▶ **About this task**
All that should come back is the lines of the data below from the one containing "by rewrite ge0_fin_numE//" to the one containing "by split; [exact: finite_set1", inclusive, exactly as they stand.
***
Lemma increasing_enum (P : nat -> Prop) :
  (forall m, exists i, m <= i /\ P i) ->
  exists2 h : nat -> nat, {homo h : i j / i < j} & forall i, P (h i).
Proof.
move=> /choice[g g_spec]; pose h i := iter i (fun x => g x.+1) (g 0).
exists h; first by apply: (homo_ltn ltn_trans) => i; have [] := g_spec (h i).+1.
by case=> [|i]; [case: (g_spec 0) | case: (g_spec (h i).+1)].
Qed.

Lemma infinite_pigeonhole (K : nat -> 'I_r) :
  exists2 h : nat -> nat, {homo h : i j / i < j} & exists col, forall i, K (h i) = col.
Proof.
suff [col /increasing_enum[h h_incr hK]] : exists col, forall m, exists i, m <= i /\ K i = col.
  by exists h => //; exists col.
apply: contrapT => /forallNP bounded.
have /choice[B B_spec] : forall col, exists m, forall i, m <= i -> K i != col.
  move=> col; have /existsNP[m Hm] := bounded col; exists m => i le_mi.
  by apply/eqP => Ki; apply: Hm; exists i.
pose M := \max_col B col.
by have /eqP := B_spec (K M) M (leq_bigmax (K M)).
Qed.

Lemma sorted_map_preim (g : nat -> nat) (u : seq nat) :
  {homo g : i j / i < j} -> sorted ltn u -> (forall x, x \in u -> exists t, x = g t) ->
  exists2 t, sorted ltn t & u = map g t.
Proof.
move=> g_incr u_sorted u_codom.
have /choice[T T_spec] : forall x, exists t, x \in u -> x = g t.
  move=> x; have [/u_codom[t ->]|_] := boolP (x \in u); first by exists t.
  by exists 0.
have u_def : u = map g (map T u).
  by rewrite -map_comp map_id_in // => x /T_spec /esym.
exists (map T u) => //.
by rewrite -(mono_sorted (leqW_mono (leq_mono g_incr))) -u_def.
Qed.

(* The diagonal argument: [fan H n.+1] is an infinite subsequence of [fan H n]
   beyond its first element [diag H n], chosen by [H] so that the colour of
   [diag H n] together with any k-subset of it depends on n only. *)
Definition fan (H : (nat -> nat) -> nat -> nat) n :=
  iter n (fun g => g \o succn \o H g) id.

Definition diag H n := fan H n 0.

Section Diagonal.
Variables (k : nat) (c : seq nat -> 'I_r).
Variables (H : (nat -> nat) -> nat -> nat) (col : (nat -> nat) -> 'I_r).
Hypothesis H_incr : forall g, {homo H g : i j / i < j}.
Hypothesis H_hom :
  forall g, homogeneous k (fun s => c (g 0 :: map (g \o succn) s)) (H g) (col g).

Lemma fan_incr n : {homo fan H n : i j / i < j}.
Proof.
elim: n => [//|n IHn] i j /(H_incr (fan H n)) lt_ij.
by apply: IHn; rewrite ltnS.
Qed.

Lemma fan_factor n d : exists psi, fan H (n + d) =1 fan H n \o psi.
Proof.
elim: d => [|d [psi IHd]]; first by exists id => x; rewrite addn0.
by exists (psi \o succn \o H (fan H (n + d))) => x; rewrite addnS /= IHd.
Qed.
***
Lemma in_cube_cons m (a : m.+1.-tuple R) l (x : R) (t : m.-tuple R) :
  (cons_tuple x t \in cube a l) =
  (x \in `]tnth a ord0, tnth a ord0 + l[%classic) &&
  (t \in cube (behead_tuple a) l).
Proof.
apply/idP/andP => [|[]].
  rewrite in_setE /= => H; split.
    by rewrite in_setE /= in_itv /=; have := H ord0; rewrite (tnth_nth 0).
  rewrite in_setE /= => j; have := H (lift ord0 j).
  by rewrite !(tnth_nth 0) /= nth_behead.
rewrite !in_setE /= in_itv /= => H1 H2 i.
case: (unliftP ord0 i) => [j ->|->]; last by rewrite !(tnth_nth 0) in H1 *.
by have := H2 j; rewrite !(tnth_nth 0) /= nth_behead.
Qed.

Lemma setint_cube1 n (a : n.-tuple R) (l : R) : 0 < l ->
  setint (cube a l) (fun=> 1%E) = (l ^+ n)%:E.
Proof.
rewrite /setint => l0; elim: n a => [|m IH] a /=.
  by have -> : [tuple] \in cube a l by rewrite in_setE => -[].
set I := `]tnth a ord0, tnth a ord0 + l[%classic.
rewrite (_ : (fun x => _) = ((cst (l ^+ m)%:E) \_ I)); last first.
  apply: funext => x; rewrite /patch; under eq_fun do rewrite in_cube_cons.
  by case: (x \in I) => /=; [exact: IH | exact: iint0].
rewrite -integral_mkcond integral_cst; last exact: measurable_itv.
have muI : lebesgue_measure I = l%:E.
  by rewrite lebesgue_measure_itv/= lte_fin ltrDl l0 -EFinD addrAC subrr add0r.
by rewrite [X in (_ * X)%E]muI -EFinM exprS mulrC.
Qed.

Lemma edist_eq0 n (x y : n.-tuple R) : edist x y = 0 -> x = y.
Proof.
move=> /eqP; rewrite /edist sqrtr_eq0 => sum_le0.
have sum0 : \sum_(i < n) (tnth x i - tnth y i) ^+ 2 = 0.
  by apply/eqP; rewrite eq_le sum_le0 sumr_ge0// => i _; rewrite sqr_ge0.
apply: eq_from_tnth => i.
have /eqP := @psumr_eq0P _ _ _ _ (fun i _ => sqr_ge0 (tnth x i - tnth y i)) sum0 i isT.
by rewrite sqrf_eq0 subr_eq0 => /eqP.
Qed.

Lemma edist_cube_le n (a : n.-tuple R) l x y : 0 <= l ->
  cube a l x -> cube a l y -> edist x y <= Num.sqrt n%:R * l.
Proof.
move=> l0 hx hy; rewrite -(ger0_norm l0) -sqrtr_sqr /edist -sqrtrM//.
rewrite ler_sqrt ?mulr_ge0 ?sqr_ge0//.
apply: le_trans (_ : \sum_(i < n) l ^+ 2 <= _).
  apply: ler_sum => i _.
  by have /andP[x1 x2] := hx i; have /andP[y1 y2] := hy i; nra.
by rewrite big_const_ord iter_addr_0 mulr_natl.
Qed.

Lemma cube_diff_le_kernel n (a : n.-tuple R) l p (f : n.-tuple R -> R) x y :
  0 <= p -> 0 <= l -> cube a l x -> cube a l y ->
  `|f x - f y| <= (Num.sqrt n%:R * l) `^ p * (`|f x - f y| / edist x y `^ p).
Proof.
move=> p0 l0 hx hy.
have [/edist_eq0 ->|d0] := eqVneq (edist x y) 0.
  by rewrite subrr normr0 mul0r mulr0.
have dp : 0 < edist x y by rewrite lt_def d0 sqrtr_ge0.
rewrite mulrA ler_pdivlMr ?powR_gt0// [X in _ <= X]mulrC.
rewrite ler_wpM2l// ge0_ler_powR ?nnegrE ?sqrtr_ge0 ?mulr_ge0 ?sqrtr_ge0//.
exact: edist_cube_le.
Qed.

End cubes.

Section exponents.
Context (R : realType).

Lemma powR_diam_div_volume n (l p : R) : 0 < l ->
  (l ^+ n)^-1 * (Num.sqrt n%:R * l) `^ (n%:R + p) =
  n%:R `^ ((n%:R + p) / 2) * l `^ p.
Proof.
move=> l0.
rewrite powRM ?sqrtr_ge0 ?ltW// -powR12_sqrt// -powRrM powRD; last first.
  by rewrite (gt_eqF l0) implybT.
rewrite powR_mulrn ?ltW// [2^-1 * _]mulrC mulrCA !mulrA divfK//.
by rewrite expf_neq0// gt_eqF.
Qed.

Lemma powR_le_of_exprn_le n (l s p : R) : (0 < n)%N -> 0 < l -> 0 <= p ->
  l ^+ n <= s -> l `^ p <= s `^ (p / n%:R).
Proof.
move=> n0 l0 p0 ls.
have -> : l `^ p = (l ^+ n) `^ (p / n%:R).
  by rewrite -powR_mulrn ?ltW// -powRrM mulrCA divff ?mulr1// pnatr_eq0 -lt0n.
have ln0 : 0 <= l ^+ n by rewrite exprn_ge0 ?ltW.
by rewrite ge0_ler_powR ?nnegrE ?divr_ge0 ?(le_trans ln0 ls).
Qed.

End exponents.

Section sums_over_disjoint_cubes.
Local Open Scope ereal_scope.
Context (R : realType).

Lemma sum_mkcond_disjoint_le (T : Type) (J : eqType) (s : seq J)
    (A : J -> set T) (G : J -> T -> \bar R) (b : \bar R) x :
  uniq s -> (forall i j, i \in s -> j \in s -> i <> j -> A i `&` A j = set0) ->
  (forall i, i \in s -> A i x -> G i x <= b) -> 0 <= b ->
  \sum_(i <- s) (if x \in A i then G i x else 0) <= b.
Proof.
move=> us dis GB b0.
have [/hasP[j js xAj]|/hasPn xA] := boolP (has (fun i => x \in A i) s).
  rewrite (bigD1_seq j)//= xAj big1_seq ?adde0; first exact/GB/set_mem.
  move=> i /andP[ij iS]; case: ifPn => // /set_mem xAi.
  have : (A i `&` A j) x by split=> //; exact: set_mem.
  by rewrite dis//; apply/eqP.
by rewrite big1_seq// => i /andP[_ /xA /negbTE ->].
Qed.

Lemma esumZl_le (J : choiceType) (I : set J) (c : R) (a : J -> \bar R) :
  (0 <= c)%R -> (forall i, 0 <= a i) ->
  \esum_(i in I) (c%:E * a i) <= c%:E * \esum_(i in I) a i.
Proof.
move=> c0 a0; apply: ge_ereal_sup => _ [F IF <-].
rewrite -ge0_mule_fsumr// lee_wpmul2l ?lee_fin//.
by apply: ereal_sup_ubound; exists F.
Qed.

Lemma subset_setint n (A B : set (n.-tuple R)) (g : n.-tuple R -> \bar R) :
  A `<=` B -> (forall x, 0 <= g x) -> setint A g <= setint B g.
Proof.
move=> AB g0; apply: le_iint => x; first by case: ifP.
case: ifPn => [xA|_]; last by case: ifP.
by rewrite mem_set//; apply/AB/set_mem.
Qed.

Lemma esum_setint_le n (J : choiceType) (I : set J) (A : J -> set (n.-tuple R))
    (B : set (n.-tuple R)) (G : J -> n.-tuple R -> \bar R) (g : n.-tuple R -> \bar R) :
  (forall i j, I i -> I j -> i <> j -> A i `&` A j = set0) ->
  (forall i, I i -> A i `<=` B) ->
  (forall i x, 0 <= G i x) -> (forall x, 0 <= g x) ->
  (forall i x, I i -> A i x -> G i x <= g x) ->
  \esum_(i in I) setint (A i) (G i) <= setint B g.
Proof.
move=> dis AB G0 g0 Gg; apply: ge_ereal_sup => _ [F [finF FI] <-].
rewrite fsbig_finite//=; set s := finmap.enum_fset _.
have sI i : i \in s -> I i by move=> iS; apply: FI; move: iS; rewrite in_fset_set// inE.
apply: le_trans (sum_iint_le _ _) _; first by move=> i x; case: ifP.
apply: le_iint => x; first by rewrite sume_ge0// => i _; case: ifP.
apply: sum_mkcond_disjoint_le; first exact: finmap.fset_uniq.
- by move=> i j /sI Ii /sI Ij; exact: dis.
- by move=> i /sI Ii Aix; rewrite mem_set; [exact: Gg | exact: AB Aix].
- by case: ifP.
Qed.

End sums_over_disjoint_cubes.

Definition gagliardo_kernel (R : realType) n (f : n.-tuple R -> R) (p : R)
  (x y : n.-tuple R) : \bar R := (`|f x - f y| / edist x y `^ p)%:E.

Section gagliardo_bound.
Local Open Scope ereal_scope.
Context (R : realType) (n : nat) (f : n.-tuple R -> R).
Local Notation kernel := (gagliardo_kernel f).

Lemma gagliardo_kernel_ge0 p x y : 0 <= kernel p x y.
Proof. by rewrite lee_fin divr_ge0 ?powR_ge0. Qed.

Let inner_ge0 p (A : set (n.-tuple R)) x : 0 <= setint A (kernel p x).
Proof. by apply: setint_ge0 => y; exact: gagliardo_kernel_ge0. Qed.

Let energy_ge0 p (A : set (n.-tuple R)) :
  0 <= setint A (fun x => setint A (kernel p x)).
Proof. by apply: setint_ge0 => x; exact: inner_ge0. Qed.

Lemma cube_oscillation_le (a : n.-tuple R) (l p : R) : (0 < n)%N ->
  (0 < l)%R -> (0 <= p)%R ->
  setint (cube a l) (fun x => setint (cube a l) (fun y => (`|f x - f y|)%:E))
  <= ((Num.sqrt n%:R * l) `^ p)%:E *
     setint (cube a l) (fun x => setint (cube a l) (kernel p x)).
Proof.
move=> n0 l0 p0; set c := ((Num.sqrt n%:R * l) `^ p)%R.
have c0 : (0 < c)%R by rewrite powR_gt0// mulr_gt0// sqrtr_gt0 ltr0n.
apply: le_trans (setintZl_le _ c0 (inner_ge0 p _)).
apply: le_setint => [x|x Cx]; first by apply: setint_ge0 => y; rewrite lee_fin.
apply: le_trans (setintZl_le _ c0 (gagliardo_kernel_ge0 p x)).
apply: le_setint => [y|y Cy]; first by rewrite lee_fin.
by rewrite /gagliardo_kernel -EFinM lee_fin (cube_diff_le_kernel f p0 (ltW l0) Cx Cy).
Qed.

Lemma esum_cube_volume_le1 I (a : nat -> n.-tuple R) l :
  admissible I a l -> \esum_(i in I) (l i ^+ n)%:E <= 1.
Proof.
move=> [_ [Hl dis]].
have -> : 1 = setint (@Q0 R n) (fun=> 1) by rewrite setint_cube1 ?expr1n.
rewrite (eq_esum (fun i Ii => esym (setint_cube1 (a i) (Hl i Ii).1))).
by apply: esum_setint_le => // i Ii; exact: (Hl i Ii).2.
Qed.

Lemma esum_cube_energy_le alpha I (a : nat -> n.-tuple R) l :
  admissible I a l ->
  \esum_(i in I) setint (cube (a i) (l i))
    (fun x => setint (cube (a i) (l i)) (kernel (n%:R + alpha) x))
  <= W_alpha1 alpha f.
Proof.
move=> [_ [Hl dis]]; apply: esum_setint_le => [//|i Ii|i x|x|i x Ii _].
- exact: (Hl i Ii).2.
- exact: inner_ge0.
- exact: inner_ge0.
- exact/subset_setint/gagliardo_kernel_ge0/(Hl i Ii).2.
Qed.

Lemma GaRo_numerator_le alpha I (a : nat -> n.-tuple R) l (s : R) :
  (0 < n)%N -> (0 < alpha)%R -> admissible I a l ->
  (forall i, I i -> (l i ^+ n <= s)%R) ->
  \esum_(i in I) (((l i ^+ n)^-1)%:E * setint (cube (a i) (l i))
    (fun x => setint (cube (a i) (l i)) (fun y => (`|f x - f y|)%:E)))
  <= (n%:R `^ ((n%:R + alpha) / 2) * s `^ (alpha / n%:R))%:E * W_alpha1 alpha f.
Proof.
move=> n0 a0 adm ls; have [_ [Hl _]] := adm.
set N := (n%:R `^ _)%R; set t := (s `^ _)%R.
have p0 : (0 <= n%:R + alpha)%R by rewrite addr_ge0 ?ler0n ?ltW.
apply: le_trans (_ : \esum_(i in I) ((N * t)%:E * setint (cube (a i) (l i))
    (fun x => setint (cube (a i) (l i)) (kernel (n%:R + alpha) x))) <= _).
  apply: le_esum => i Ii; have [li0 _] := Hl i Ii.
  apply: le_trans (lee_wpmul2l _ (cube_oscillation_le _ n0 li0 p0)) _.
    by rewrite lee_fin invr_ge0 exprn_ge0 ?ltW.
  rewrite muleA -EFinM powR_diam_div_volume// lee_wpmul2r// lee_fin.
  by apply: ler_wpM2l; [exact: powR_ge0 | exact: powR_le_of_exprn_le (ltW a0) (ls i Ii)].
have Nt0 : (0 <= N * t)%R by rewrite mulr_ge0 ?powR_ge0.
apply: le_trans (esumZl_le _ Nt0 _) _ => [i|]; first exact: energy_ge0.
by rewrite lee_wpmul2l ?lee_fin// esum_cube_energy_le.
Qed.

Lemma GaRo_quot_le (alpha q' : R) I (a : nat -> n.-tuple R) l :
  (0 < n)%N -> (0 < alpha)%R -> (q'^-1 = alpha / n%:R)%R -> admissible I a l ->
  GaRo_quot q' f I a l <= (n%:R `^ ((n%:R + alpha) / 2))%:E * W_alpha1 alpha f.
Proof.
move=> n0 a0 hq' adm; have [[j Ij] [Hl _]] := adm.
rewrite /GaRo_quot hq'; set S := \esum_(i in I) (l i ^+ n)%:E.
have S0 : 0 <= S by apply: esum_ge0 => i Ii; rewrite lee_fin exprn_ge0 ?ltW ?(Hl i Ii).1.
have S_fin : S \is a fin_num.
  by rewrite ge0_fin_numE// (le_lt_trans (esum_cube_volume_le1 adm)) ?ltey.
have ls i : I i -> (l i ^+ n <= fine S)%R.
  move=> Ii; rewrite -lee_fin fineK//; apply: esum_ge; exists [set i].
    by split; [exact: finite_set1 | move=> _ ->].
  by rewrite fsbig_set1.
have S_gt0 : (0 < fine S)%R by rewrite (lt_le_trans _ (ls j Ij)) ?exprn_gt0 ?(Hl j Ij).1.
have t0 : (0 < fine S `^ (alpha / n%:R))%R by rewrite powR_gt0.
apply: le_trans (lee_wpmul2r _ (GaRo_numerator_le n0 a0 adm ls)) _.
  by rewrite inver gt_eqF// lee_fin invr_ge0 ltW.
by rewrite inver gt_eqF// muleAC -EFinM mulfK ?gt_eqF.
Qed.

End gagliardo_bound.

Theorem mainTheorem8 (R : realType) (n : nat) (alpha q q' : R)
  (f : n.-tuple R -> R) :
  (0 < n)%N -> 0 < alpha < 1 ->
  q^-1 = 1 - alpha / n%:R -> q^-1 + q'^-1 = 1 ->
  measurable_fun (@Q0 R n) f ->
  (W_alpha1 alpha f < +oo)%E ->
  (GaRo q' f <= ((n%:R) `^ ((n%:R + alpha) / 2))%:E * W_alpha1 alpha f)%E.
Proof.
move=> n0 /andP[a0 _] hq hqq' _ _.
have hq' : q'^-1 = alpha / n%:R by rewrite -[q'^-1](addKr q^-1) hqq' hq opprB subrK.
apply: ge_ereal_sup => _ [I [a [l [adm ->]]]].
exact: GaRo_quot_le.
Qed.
***
▶ **The answer**
  by rewrite ge0_fin_numE// (le_lt_trans (esum_cube_volume_le1 adm)) ?ltey.
have ls i : I i -> (l i ^+ n <= fine S)%R.
  move=> Ii; rewrite -lee_fin fineK//; apply: esum_ge; exists [set i].
    by split; [exact: finite_set1 | move=> _ ->].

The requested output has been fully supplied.